July 17, 2013, 10:30 | Short Paper, Embassy Regents E


Research in body language with use of gesture recognition and speech analysis has gained much attention in the recent times, influencing disciplines related to image and speech processing.

This study aims to design the Media Query Language (MQL) (Lenkiewicz, et al. 2012) combined with the Linguistic Media Query Interface (LMQI) for Elan (Wittenburg, et al. 2006). The system integrated with the new achievements in audio-video recognition will allow querying media files with predefined gesture phases (or motion primitives) and speech characteristics as well as combinations of both. For the purpose of this work the predefined motions and speech characteristics are called patterns for atomic elements and actions for a sequence of patterns. The main assumption is that a user-customized library of patterns and actions and automated media annotation with LMQI will reduce annotation time, hence decreasing costs of creation of annotated corpora. Increase of the number of annotated data should influence the speed and number of possible research in disciplines in which human multimodal interaction is a subject of interest and where annotated corpora are required.

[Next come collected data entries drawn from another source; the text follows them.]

(* Fix $\beta>0$ and an MDP with a sink state as in the context. For each $t\in\mathbb N$, each stationary policy $\pi=(\bm d)_\infty\in\Pi_{\mathrm{SR}}$ and each probability vector $\bm\eta\in\Delta^S$: \[ \bm\eta^\top(\bm B^{\bm d})^t\bm b^{\bm d}=0\quad\Longleftrightarrow\quad\bm\eta^\top(\bm P^{\bm d})^t\bm p^{\bm d}=0. \]
   Context: MDP: states $\mathcal S=\{1,\dots,S\}$ plus sink state $e$; finite actions; transitions $p(s,a,s')$, real rewards $r(s,a,s')$. $\Pi_{\mathrm{SR}}$: stationary randomized policies $(\bm d)_\infty$, $d_a(s)$ the probability of action $a$ in $s$. $B^{\bm d}_{s,s'}=\sum_a p(s,a,s')d_a(s)e^{-\beta r(s,a,s')}$, $b^{\bm d}_s=\sum_a p(s,a,e)d_a(s)e^{-\beta r(s,a,e)}$, $P^{\bm d}_{s,s'}=\sum_a d_a(s)p(s,a,s')$, $p^{\bm d}_s=\sum_a d_a(s)p(s,a,e)$ for $s,s'\in\mathcal S$. $\Delta^S$ is the probability simplex in $\mathbb R^S$. *)

From mathcomp Require Import all_boot all_order all_algebra.
From mathcomp Require Import reals.
From mathcomp.analysis Require Import sequences exp.
Set Implicit Arguments. Unset Strict Implicit. Unset Printing Implicit Defensive.
Import Order.TTheory GRing.Theory Num.Theory.
Local Open Scope ring_scope.

(* States 1..S are 'I_S; the full state space including the sink e is
   option 'I_S, with None = e.  Actions range over a finite type A. *)

Definition is_transition (R : realType) (S : nat) (A : finType)
  (p : 'I_S -> A -> option 'I_S -> R) : Prop :=
  (forall s a s', 0 <= p s a s') /\ (forall s a, \sum_(s' : option 'I_S) p s a s' = 1).

Definition is_decision_rule (R : realType) (S : nat) (A : finType)
  (d : 'I_S -> A -> R) : Prop :=
  (forall s a, 0 <= d s a) /\ (forall s, \sum_(a : A) d s a = 1).

Definition in_simplex (R : realType) (S : nat) (eta : 'rV[R]_S) : Prop :=
  (forall i, 0 <= eta 0 i) /\ \sum_(i < S) eta 0 i = 1.

Section MDPmats.
Variables (R : realType) (S : nat) (A : finType).
Variables (p : 'I_S -> A -> option 'I_S -> R) (r : 'I_S -> A -> option 'I_S -> R).
Variables (beta : R) (d : 'I_S -> A -> R).

Definition Bmx : 'M[R]_S :=
  \matrix_(s, s') \sum_(a : A) p s a (Some s') * d s a * expR (- beta * r s a (Some s')).
Definition bvec : 'cV[R]_S :=
  \col_s \sum_(a : A) p s a None * d s a * expR (- beta * r s a None).
Definition Pmx : 'M[R]_S := \matrix_(s, s') \sum_(a : A) d s a * p s a (Some s').
Definition pvec : 'cV[R]_S := \col_s \sum_(a : A) d s a * p s a None.
End MDPmats.

(* matrix power M^t (valid for any size S, including 0) *)
Definition mxpow (R : ringType) (S : nat) (M : 'M[R]_S) (t : nat) : 'M[R]_S :=
  iter t (mulmx M) 1%:M.

From mathcomp Require Import all_boot all_order all_algebra.
From mathcomp Require Import reals.
From mathcomp.analysis Require Import sequences exp.
Import Order.TTheory GRing.Theory Num.Theory.
Set Implicit Arguments.
Unset Strict Implicit.

Local Open Scope ring_scope.

(* Each entry of B^d (resp. b^d) is the corresponding entry of P^d (resp. p^d)
   with every summand scaled by a positive factor e^{-beta r}.  Among
   nonnegative numbers, vanishing together is preserved by sums and products
   (no cancellation can occur), hence by matrix products and powers, so the two
   scalars vanish together. *)

Section SameSupport.
Variable R : numDomainType.

Definition same_support (x y : R) : bool :=
  [&& 0 <= x, 0 <= y & (x == 0) == (y == 0)].

Definition mx_same_support m n (X Y : 'M[R]_(m, n)) : Prop :=
  forall i j, same_support (X i j) (Y i j).

Lemma same_support_refl (x : R) : 0 <= x -> same_support x x.
Proof. by move=> x0; rewrite /same_support x0 eqxx. Qed.

Lemma same_support_mulr_gt0 (x c : R) :
  0 <= x -> 0 < c -> same_support (x * c) x.
Proof.
move=> x0 c0; rewrite /same_support (mulr_ge0 x0 (ltW c0)) x0.
by rewrite mulf_eq0 (gt_eqF c0) orbF eqxx.
Qed.

Lemma same_support_add (x y x' y' : R) :
  same_support x y -> same_support x' y' -> same_support (x + x') (y + y').
Proof.
case/and3P=> x0 y0 /eqP exy; case/and3P=> x'0 y'0 /eqP exy'.
by rewrite /same_support !addr_ge0 // !paddr_eq0 // exy exy' eqxx.
Qed.

Lemma same_support_mul (x y x' y' : R) :
  same_support x y -> same_support x' y' -> same_support (x * x') (y * y').
Proof.
case/and3P=> x0 y0 /eqP exy; case/and3P=> x'0 y'0 /eqP exy'.
by rewrite /same_support !mulr_ge0 // !mulf_eq0 exy exy' eqxx.
Qed.

Lemma same_support_sum (I : Type) (r : seq I) (P : pred I) (F G : I -> R) :
  (forall i, P i -> same_support (F i) (G i)) ->
  same_support (\sum_(i <- r | P i) F i) (\sum_(i <- r | P i) G i).
Proof.
apply: (big_ind2 (fun x y => same_support x y)) => //.
- exact: same_support_refl.
- exact: same_support_add.
Qed.

Lemma mx_same_support_mul m n k (X Y : 'M[R]_(m, n)) (M N : 'M[R]_(n, k)) :
  mx_same_support X Y -> mx_same_support M N ->
  mx_same_support (X *m M) (Y *m N).
Proof.
move=> XY MN i j; rewrite !mxE.
by apply: same_support_sum => l _; apply: same_support_mul.
Qed.

Lemma mx_same_support_mxpow m n (B P : 'M[R]_n) (U V : 'M[R]_(m, n)) t :
  mx_same_support B P -> mx_same_support U V ->
  mx_same_support (U *m mxpow B t) (V *m mxpow P t).
Proof.
move=> BP; elim: t U V => [|t IHt] U V UV; first by rewrite !mulmx1.
by rewrite /mxpow /= !mulmxA; apply: IHt; apply: mx_same_support_mul.
Qed.

Lemma mx11_same_support_eq0 (X Y : 'M[R]_1) :
  mx_same_support X Y -> (X = 0 <-> Y = 0).
Proof.
have mx11_eq0 (Z : 'M[R]_1) : (Z == 0) = (Z 0 0 == 0).
  apply/eqP/eqP => [->|Z00]; first by rewrite mxE.
  by apply/rowP => i; rewrite ord1 Z00 mxE.
move=> /(_ 0 0)/and3P[_ _ /eqP XY].
have XY0 : (X == 0) = (Y == 0) by rewrite !mx11_eq0.
by split=> /eqP E; apply/eqP; [rewrite -XY0 | rewrite XY0].
Qed.

End SameSupport.

Section DiscountedKernel.
Variables (R : realType) (S : nat) (A : finType).
Variables (p r : 'I_S -> A -> option 'I_S -> R) (beta : R) (d : 'I_S -> A -> R).
Hypotheses (p_ge0 : forall s a s', 0 <= p s a s')
           (d_ge0 : forall s a, 0 <= d s a).

Lemma discounted_term_same_support s a s' :
  same_support (p s a s' * d s a * expR (- beta * r s a s')) (d s a * p s a s').
Proof.
rewrite (mulrC (d s a)).
by apply: same_support_mulr_gt0; rewrite ?mulr_ge0 ?expR_gt0.
Qed.

Lemma Bmx_Pmx_same_support : mx_same_support (Bmx p r beta d) (Pmx p d).
Proof.
by move=> s s'; rewrite !mxE; apply: same_support_sum => a _;
  apply: discounted_term_same_support.
Qed.

Lemma bvec_pvec_same_support : mx_same_support (bvec p r beta d) (pvec p d).
Proof.
by move=> s j; rewrite !mxE; apply: same_support_sum => a _;
  apply: discounted_term_same_support.
Qed.

End DiscountedKernel.

Theorem lemma8 (R : realType) (S : nat) (A : finType)
  (p : 'I_S -> A -> option 'I_S -> R) (r : 'I_S -> A -> option 'I_S -> R)
  (beta : R) (hbeta : 0 < beta) (hp : is_transition p)
  (t : nat) (d : 'I_S -> A -> R) (hd : is_decision_rule d)
  (eta : 'rV[R]_S) (heta : in_simplex eta) :
  (eta *m mxpow (Bmx p r beta d) t *m bvec p r beta d = 0)
  <-> (eta *m mxpow (Pmx p d) t *m pvec p d = 0).
Proof.
case: hp => p_ge0 _; case: hd => d_ge0 _; case: heta => eta_ge0 _.
have eta_eta : mx_same_support eta eta.
  by move=> i j; rewrite (ord1 i); apply: same_support_refl.
apply: mx11_same_support_eq0; apply: mx_same_support_mul.
- apply: mx_same_support_mxpow eta_eta.
  exact: Bmx_Pmx_same_support.
- exact: bvec_pvec_same_support.
Qed.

The development in the area of audio-visual-recording devices leads to increase of the number of high performance hardware, enabling studies based on media recordings. In order to analyze a recording, the corpus needs to be annotated. The ideal solution would be an automated annotation system, which is a challenge for software developers. The algorithms need to not only retrieve points of interest from 2D and 3D recordings, but also to interpret them and to allow users to add extra interpretation, depending on the subject of study.

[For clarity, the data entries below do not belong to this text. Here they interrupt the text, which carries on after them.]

(* Let $\mathcal P$ be an equal-area CPOS $2n$-gon which is not symmetric with respect to any point. Then for every $i$, $D(i-\tfrac12)\ne D(i+\tfrac12)$ and $M_i$ is the midpoint of the segment $D(i-\tfrac12)D(i+\tfrac12)$. Moreover every vertex of the area evolute and every vertex of the central symmetry set is a cusp; in particular both have exactly $n$ cusps.
   Context: A CPOS $2n$-gon ($n\ge2$) is a closed planar polygon $\mathcal P$ with vertices $P_1,\dots,P_{2n}$ (indices mod $2n$) bounding a convex region, with no two adjacent sides parallel, with $P_{i+n+1}-P_{i+n}$ parallel to $P_{i+1}-P_i$ for all $i$, and positively oriented: $[P_{i+1}-P_i,P_{j+1}-P_j]>0$ for $1\le i<j\le n$ ($[\cdot,\cdot]$ = determinant). It is equal-area if $[P_{i+1}-P_i,P_i-P_{i-1}]$ is independent of $i$, and symmetric w.r.t. $O$ if $P_{i+n}-O=O-P_i$ for all $i$. $d_i$ is the line through $P_i,P_{i+n}$; $D(i+\tfrac12)=d_i\cap d_{i+1}$; the central symmetry set is the closed polygon with vertices $D(1+\tfrac12),\dots,D(n+\tfrac12)$; $M_i=\tfrac12(P_i+P_{i+n})$ and the area evolute is the closed polygon with vertices $M_1,\dots,M_n$. Define $\lambda(i+\tfrac12)$, $1\le i\le 2n$, by $D(i+\tfrac12)=P_i+\lambda(i+\tfrac12)(P_{i+n}-P_i)$ (with $D(i+n+\frac12)=D(i+\frac12)$). A vertex $D(i_0+\tfrac12)$ is a cusp if $\lambda(i_0+\tfrac12)$ is a local extremum of the cyclic sequence $(\lambda(i+\tfrac12))_{i\bmod 2n}$; a vertex $M_{i_0}$ is a cusp if $(\lambda(i_0-\tfrac12)-\tfrac12)(\lambda(i_0+\tfrac12)-\tfrac12)<0$. *)

(* Points of the plane are row vectors 'rV[R]_2 over an
   ordered (real) field R. Polygon vertices are indexed by int (indices
   taken mod 2n via a periodicity hypothesis). *)
From HB Require Import structures.
From mathcomp Require Import all_boot all_order all_algebra.
Set Implicit Arguments.
Unset Strict Implicit.
Unset Printing Implicit Defensive.
Import Order.TTheory GRing.Theory Num.Theory.
Local Open Scope ring_scope.

Section Defs.
Variable R : realFieldType.
Notation pt := 'rV[R]_2.

Definition det2 (u v : pt) : R := u 0 0 * v 0 1 - u 0 1 * v 0 0.

Definition side (P : int -> pt) (i : int) : pt := P (i + 1) - P i.

Definition CPOS (n : nat) (P : int -> pt) : Prop :=
  (2 <= n)%N /\
      (forall i : int, P (i + (2 * n)%:Z) = P i) /\
      (* bounds a convex region: every vertex lies (weakly) to the left of
         every directed side line *)
      (forall i j : int, 0 <= det2 (side P i) (P j - P i)) /\
      (forall i : int, det2 (side P (i + 1)) (side P i) != 0) /\
      (forall i : int, det2 (side P (i + n%:Z)) (side P i) = 0) /\
      (* positively oriented *)
      (forall i j : int, 1 <= i -> i < j -> j <= n%:Z ->
        0 < det2 (side P i) (side P j)).

Definition equal_area (P : int -> pt) : Prop :=
  forall i j : int, det2 (side P i) (P i - P (i - 1)) =
                    det2 (side P j) (P j - P (j - 1)).

Definition symmetric_wrt (n : nat) (P : int -> pt) (O : pt) : Prop :=
  forall i : int, P (i + n%:Z) - O = O - P i.

Definition on_line (A B X : pt) : Prop := det2 (B - A) (X - A) = 0.

(* D i stands for D(i + 1/2) = d_i \cap d_{i+1}, where d_i is the line
   through P_i and P_{i+n}. *)
Definition is_D (n : nat) (P : int -> pt) (D : int -> pt) : Prop :=
  forall i : int, on_line (P i) (P (i + n%:Z)) (D i) /\
                  on_line (P (i + 1)) (P (i + 1 + n%:Z)) (D i).

(* lam i stands for lambda(i + 1/2) *)
Definition is_lambda (n : nat) (P : int -> pt) (D : int -> pt)
  (lam : int -> R) : Prop :=
  forall i : int, D i = P i + lam i *: (P (i + n%:Z) - P i).

Definition M (n : nat) (P : int -> pt) (i : int) : pt :=
  2^-1 *: (P i + P (i + n%:Z)).

(* M_{i0} is a cusp of the area evolute *)
Definition area_evolute_cusp (lam : int -> R) (i0 : int) : bool :=
  (lam (i0 - 1) - 2^-1) * (lam i0 - 2^-1) < 0.

(* D(i0 + 1/2) is a cusp of the central symmetry set: lambda(i0+1/2) is a
   (strict) local extremum of the cyclic sequence of lambdas *)
Definition css_cusp (lam : int -> R) (i0 : int) : bool :=
  (lam (i0 - 1) < lam i0) && (lam (i0 + 1) < lam i0) ||
  (lam i0 < lam (i0 - 1)) && (lam i0 < lam (i0 + 1)).

End Defs.

From HB Require Import structures.
From mathcomp Require Import all_boot all_order all_algebra.
From mathcomp Require Import ring lra zify.
Import Order.TTheory GRing.Theory Num.Theory.
Local Open Scope ring_scope.

(* Write s_i = P_{i+1} - P_i.  Equal area says det(s_i, s_{i+1}) is a constant
   [turn] > 0, and opposite sides being parallel gives s_{i+n} = t_i s_i.
   Comparing det(s_{i+n}, s_{i+n+1}) with det(s_i, s_{i+1}) yields
   t_i t_{i+1} = 1; orientation gives t_1 < 0, hence every t_i < 0; and if
   one t_i = -1 then all are and the polygon is centrally symmetric.
   Convexity makes the diagonals P_i P_{i+n} transversal to the sides, and
   intersecting consecutive diagonals gives lambda_i = 1 / (1 - t_i).  Hence
   lambda_{i-1} + lambda_i = 1 and, without central symmetry, lambda_i <> 1/2.
   This determines D(i - 1/2), D(i + 1/2) as the points with parameters
   1 - lambda_i, lambda_i on the diagonal d_i, whence they are distinct with
   midpoint M_i.  Finally, any sequence with lambda_{i-1} + lambda_i = 1 and
   no term 1/2 alternates around 1/2, so every index is a cusp of both curves. *)

Set Implicit Arguments.
Unset Strict Implicit.
Unset Printing Implicit Defensive.

Section PlaneAlgebra.
Variable R : realFieldType.
Notation pt := 'rV[R]_2.

Lemma row2_eq (u v : pt) : u 0 0 = v 0 0 -> u 0 1 = v 0 1 -> u = v.
Proof.
move=> e0 e1; apply/rowP => -[[|[|//]] j].
  by rewrite (_ : Ordinal j = 0) //; apply: val_inj.
by rewrite (_ : Ordinal j = 1) //; apply: val_inj.
Qed.

Lemma det2N (u v : pt) : det2 u v = - det2 v u.
Proof. rewrite /det2; ring. Qed.

Lemma det2Zl (a : R) (u v : pt) : det2 (a *: u) v = a * det2 u v.
Proof. rewrite /det2 !mxE; ring. Qed.

Lemma det2Zr (a : R) (u v : pt) : det2 u (a *: v) = a * det2 u v.
Proof. rewrite /det2 !mxE; ring. Qed.

Lemma det2_along (a b c d : pt) :
  det2 a (b + a + c - d) = det2 a c - det2 a (d - b).
Proof. rewrite /det2 !mxE; ring. Qed.

(* Incidence of the point [A + l (Q - A)] with the line through [A + S] and
   [Q + t S]: unless [S] is parallel to [Q - A], it holds iff [1 + (t-1) l = 0]. *)
Lemma det2_cross (t l : R) (A Q S : pt) :
  det2 (Q + t *: S - (A + S)) (A + l *: (Q - A) - (A + S)) =
  det2 S (Q - A) * (1 + (t - 1) * l).
Proof. rewrite /det2 !mxE; ring. Qed.

(* The same point, parametrised on either of the two lines of [det2_cross]. *)
Lemma affine_shift (t : R) (A Q S : pt) : 1 - t != 0 ->
  A + (1 - t)^-1 *: (Q - A) = A + S + (1 - t)^-1 *: (Q + t *: S - (A + S)).
Proof. by move=> t1; apply/rowP => j; rewrite !mxE; field. Qed.

Lemma parallel_coord (a b c : pt) :
  det2 b a = 0 -> det2 a c != 0 -> b = (det2 b c / det2 a c) *: a.
Proof.
move=> ba ac; rewrite /det2 in ba.
apply: row2_eq; rewrite mxE; apply: (mulIf ac); rewrite mulrAC divfK // /det2.
  by have := congr1 ( *%R (c 0 0)) ba; rewrite mulr0; lra.
by have := congr1 ( *%R (c 0 1)) ba; rewrite mulr0; lra.
Qed.
End PlaneAlgebra.

Lemma int_shift_invariant (f : int -> Prop) :
  (forall i, f i <-> f (i + 1)) -> forall i j, f i -> f j.
Proof.
move=> fS i j fi; rewrite -(subrK i j) addrC.
elim/int_ind: (j - i) => [|k IH|k IH]; first by rewrite addr0.
  by rewrite -addn1 PoszD addrA -fS.
by rewrite -addn1 PoszD opprD addrA fS subrK.
Qed.

Section EqualAreaPolygon.
Variables (R : realFieldType) (n : nat) (P : int -> 'rV[R]_2).
Hypothesis n_ge2 : (2 <= n)%N.
Hypothesis convexP : forall i j : int, 0 <= det2 (side P i) (P j - P i).
Hypothesis parallelP : forall i : int, det2 (side P (i + n%:Z)) (side P i) = 0.
Hypothesis orientP : forall i j : int, 1 <= i -> i < j -> j <= n%:Z ->
  0 < det2 (side P i) (side P j).
Hypothesis equal_areaP : equal_area P.

Local Notation s := (side P).

Lemma vertexS i : P (i + 1) = P i + s i.
Proof. by rewrite /side [P i + _]addrC subrK. Qed.

Lemma oppositeS i : i + n%:Z + 1 = i + 1 + n%:Z.
Proof. exact: addrAC. Qed.

Definition turn : R := det2 (s 1) (s 2).

Lemma turnE i : det2 (s i) (s (i + 1)) = turn.
Proof.
have := equal_areaP (i + 1) 2; rewrite addrK => h.
by rewrite /turn det2N [RHS]det2N; congr (- _); exact: h.
Qed.

Lemma turn_gt0 : 0 < turn.
Proof. by apply: orientP => //; lia. Qed.

Lemma turn_neq0 : turn != 0.
Proof. exact: lt0r_neq0 turn_gt0. Qed.

(* Opposite sides are parallel, so [s (i + n)] is a multiple of [s i]; the
   factor is read off by pairing with [s (i + 1)], which is transversal. *)
Definition ratio (i : int) : R := det2 (s (i + n%:Z)) (s (i + 1)) / turn.

Lemma oppositeE i : s (i + n%:Z) = ratio i *: s i.
Proof. by rewrite /ratio -(turnE i); apply: parallel_coord; rewrite // turnE turn_neq0. Qed.

(* Equal area at [i] and at the opposite index [i + n]. *)
Lemma ratio_mulS i : ratio i * ratio (i + 1) = 1.
Proof.
have := turnE (i + n%:Z); rewrite oppositeS !oppositeE det2Zl det2Zr turnE.
by rewrite mulrA -{2}[turn]mul1r => /(mulIf turn_neq0).
Qed.

(* Orientation of [s 1] and [s n] forces [ratio 1 < 0]; the sign propagates
   since consecutive ratios are mutually inverse. *)
Lemma ratio_lt0 i : ratio i < 0.
Proof.
have r1 : ratio 1 < 0.
  have := turnE n%:Z; rewrite (addrC n%:Z 1) oppositeE det2Zr det2N.
  have : 0 < det2 (s 1) (s n%:Z) by apply: orientP => //; lia.
  by have := turn_gt0; nra.
apply: (@int_shift_invariant (fun j => ratio j < 0) _ 1) r1 => j.
by have := ratio_mulS j; split; nra.
Qed.

(* If one ratio is [-1] then all are, opposite sides are equal and opposite,
   and the midpoints of the diagonals [P i P (i + n)] all coincide. *)
Lemma ratio_m1_symmetric i : ratio i = -1 -> exists O, symmetric_wrt n P O.
Proof.
move=> ri.
have ratio_m1 j : ratio j = -1.
  apply: (@int_shift_invariant (fun j => ratio j = -1) _ i) ri => k.
  by have r := ratio_mulS k; split=> e; rewrite e in r; lra.
have diag_sum j : P (j + n%:Z) + P j = P n%:Z + P 0.
  apply: (@int_shift_invariant (fun j => P (j + n%:Z) + P j = _) _ 0 j);
    last by rewrite add0r.
  move=> k; suff -> : P (k + 1 + n%:Z) + P (k + 1) = P (k + n%:Z) + P k by [].
  by rewrite -oppositeS !vertexS oppositeE ratio_m1 scaleN1r addrACA addNr addr0.
exists (2^-1 *: (P n%:Z + P 0)) => j; rewrite -(diag_sum j).
by apply/rowP => k; rewrite !mxE; lra.
Qed.

(* Convexity at the vertex [P (i + 2)] seen from the side [s (i + n)]: the
   diagonal [P i P (i + n)] turns at least as much as the next side. *)
Lemma diagonal_det_ge i : turn <= det2 (s i) (P (i + n%:Z) - P i).
Proof.
have := convexP (i + n%:Z) (i + 1 + 1).
rewrite !vertexS oppositeE det2Zl det2_along turnE.
by have := ratio_lt0 i; nra.
Qed.

Lemma diagonal_det_gt0 i : 0 < det2 (s i) (P (i + n%:Z) - P i).
Proof. exact: lt_le_trans turn_gt0 (diagonal_det_ge i). Qed.

Section CentralSymmetrySet.
Variables (D : int -> 'rV[R]_2) (lam : int -> R).
Hypothesis DP : is_D n P D.
Hypothesis lamP : is_lambda n P D lam.

(* [D i] lies on the diagonal [d (i + 1)], which is not parallel to [s i]. *)
Lemma lambdaE i : lam i = (1 - ratio i)^-1.
Proof.
have [_] := DP i; rewrite /on_line lamP -oppositeS !vertexS oppositeE det2_cross.
move/eqP; rewrite mulf_eq0 (gt_eqF (diagonal_det_gt0 i)) /= => /eqP h.
have r := ratio_lt0 i.
by apply: (@mulIf _ (1 - ratio i)); [lra | rewrite mulVf; lra].
Qed.

(* With [t' = ratio (i - 1) = 1 / ratio i], [1 / (1 - t') + 1 / (1 - t) = 1]. *)
Lemma lambda_sum i : lam (i - 1) + lam i = 1.
Proof.
have r := ratio_mulS (i - 1); rewrite subrK in r.
have r0 := ratio_lt0 (i - 1); have r1 := ratio_lt0 i.
rewrite !lambdaE; set a := 1 - ratio (i - 1); set b := 1 - ratio i.
have a0 : a != 0 by rewrite /a; apply/eqP; lra.
have b0 : b != 0 by rewrite /b; apply/eqP; lra.
have -> : a^-1 + b^-1 = (a + b) / (a * b) by field; rewrite a0 b0.
by rewrite (_ : a * b = a + b) ?mulfV // /a /b; [apply/eqP; lra | lra].
Qed.

Lemma D_from_next i : D i = P (i + 1) + lam i *: (P (i + 1 + n%:Z) - P (i + 1)).
Proof.
rewrite lamP -oppositeS !vertexS oppositeE lambdaE; apply: affine_shift.
by have r := ratio_lt0 i; apply/eqP; lra.
Qed.

Lemma D_prev i : D (i - 1) = P i + (1 - lam i) *: (P (i + n%:Z) - P i).
Proof. by rewrite D_from_next subrK -(lambda_sum i) addrK. Qed.

(* [M i] is the midpoint of [D (i - 1)] and [D i], which sit at the
   symmetric parameters [1 - lam i] and [lam i] on the diagonal [d i]. *)
Lemma M_midpoint i : M n P i = 2^-1 *: (D (i - 1) + D i).
Proof. by rewrite /M D_prev lamP; apply/rowP => k; rewrite !mxE; ring. Qed.

Hypothesis asymmetric : ~ exists O, symmetric_wrt n P O.

(* [lam i = 1/2] would mean [ratio i = -1], i.e. central symmetry. *)
Lemma lambda_neq_half i : lam i != 2^-1.
Proof.
rewrite lambdaE; apply/eqP => /invr_inj e.
by apply: asymmetric; apply: (@ratio_m1_symmetric i); lra.
Qed.

(* [D (i - 1)] and [D i] have different parameters [1 - lam i] and [lam i]
   on the nondegenerate diagonal [P i P (i + n)]. *)
Lemma D_consecutive_neq i : D (i - 1) != D i.
Proof.
rewrite D_prev lamP; apply/eqP => /addrI /eqP.
rewrite -subr_eq0 -scalerBl scaler_eq0 => /orP [/eqP h | /eqP h].
  by move/eqP: (lambda_neq_half i); apply; lra.
by have := diagonal_det_gt0 i; rewrite h /det2 !mxE; lra.
Qed.
End CentralSymmetrySet.
End EqualAreaPolygon.

Section CuspsOfComplementarySequence.
Variables (R : realFieldType) (lam : int -> R).
Hypothesis lam_sum : forall i, lam (i - 1) + lam i = 1.
Hypothesis lam_half : forall i, lam i != 2^-1.

(* [lam (i - 1) - 1/2 = - (lam i - 1/2)]: the sign changes at every step. *)
Lemma all_area_evolute_cusps i : area_evolute_cusp lam i.
Proof.
rewrite /area_evolute_cusp (_ : lam (i - 1) = 1 - lam i); last first.
  by have := lam_sum i; lra.
by case/orP: (lt_total (lam_half i)) => h; nra.
Qed.

(* Both neighbours of [lam i] equal [1 - lam i], so [lam i] is a strict
   local maximum or minimum according as it lies above or below [1/2]. *)
Lemma all_css_cusps i : css_cusp lam i.
Proof.
rewrite /css_cusp (_ : lam (i - 1) = 1 - lam i); last first.
  by have := lam_sum i; lra.
rewrite (_ : lam (i + 1) = 1 - lam i); last first.
  by have := lam_sum (i + 1); rewrite addrK; lra.
by case/orP: (lt_total (lam_half i)) => h; apply/orP; [right | left];
  apply/andP; split; lra.
Qed.
End CuspsOfComplementarySequence.

Lemma card_ord_all (n : nat) (p : pred int) :
  (forall i, p i) -> #|[set i : 'I_n | p (i%:Z + 1)]| = n.
Proof.
move=> pT; rewrite -[RHS]card_ord -cardsT; congr #|pred_of_set _|.
by apply/setP => i; rewrite !inE pT.
Qed.

Theorem mainTheorem5 (R : realFieldType) (n : nat) (P : int -> 'rV[R]_2)
  (D : int -> 'rV[R]_2) (lam : int -> R) :
  CPOS n P -> equal_area P ->
  ~ (exists O : 'rV[R]_2, symmetric_wrt n P O) ->
  is_D n P D -> is_lambda n P D lam ->
  [/\ forall i : int, D (i - 1) != D i,
      forall i : int, M n P i = 2^-1 *: (D (i - 1) + D i),
      forall i : int, 1 <= i -> i <= n%:Z -> area_evolute_cusp lam i,
      forall i : int, 1 <= i -> i <= n%:Z -> css_cusp lam i &
      (#|[set i : 'I_n | area_evolute_cusp lam (i%:Z + 1)]| = n /\
      #|[set i : 'I_n | css_cusp lam (i%:Z + 1)]| = n)].
Proof.
move=> [n2 [_ [convex [_ [parallel orient]]]]] eq_area asym isD isL.
have lam_sum := lambda_sum n2 convex parallel orient eq_area isD isL.
have lam_half := lambda_neq_half n2 convex parallel orient eq_area isD isL asym.
have evolute_cusps := all_area_evolute_cusps lam_sum lam_half.
have css_cusps := all_css_cusps lam_sum lam_half.
split.
- by move=> i; exact: (D_consecutive_neq n2 convex parallel orient eq_area isD isL asym i).
- by move=> i; exact: (M_midpoint n2 convex parallel orient eq_area isD isL i).
- by move=> i _ _; apply: evolute_cusps.
- by move=> i _ _; apply: css_cusps.
- by split; apply: card_ord_all.
Qed.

The work on the MQL and the LMQI is trying to meet the expectations of researchers. The system design assumes no previous knowledge of any query or programing language, nor query interface. The query syntax is similar to the syntax of a natural language with assumption that the data output goes into the Elan tier.

The main requirement of the MQL is that the data received from the recording contains time information, allowing alignment of the tier with the recording. The assumption is that any software retrieving information form the recording may be integrated with the MQL. At the current stage, the algorithms integrated with the system are the recognizers (Lenkiewicz, et al. 2011) delivering time aligned coordinates from 2D video recordings.

The LMQI was built to simplify the work with the MQL.

The Media Query Language

Recently several automated annotation tools and techniques for deriving metadata (Hansen, et al. 2007; Park, et al. 2007; Chia-Han, et al. 2001; Crestani, et al. 2004; Rui Peng, et al. 2010) have been developed. The study often concentrates on joining syntactic and semantic levels of analyzed recordings. The work on the MQL is based on the premise that in order to lead research, the researchers themselves need to decide whenever a given phenomenon carries semantic meaning. To meet this requirements, there has to be a tool able to formulate a query describing elements of a tested theory, and use it on recordings obtained during experiments.

The structure and the syntax of the MQL are already defined. To build a compiler for the language, “SableCC compiler — compiler“ has been chosen. According with the SableCC (Gagnon and Hendren 1998) requirements, the syntax is written using context free grammar rules and a parser is created, which is a Look-Ahead LR (1)(LALR) with one token of look ahead (Puntambekar 2010). SableCC was chosen as a tool to implement the language as it separates syntax and semantic actions of the new created language, shortening development time and significantly simplifying changes, thus improving maintainability of the system.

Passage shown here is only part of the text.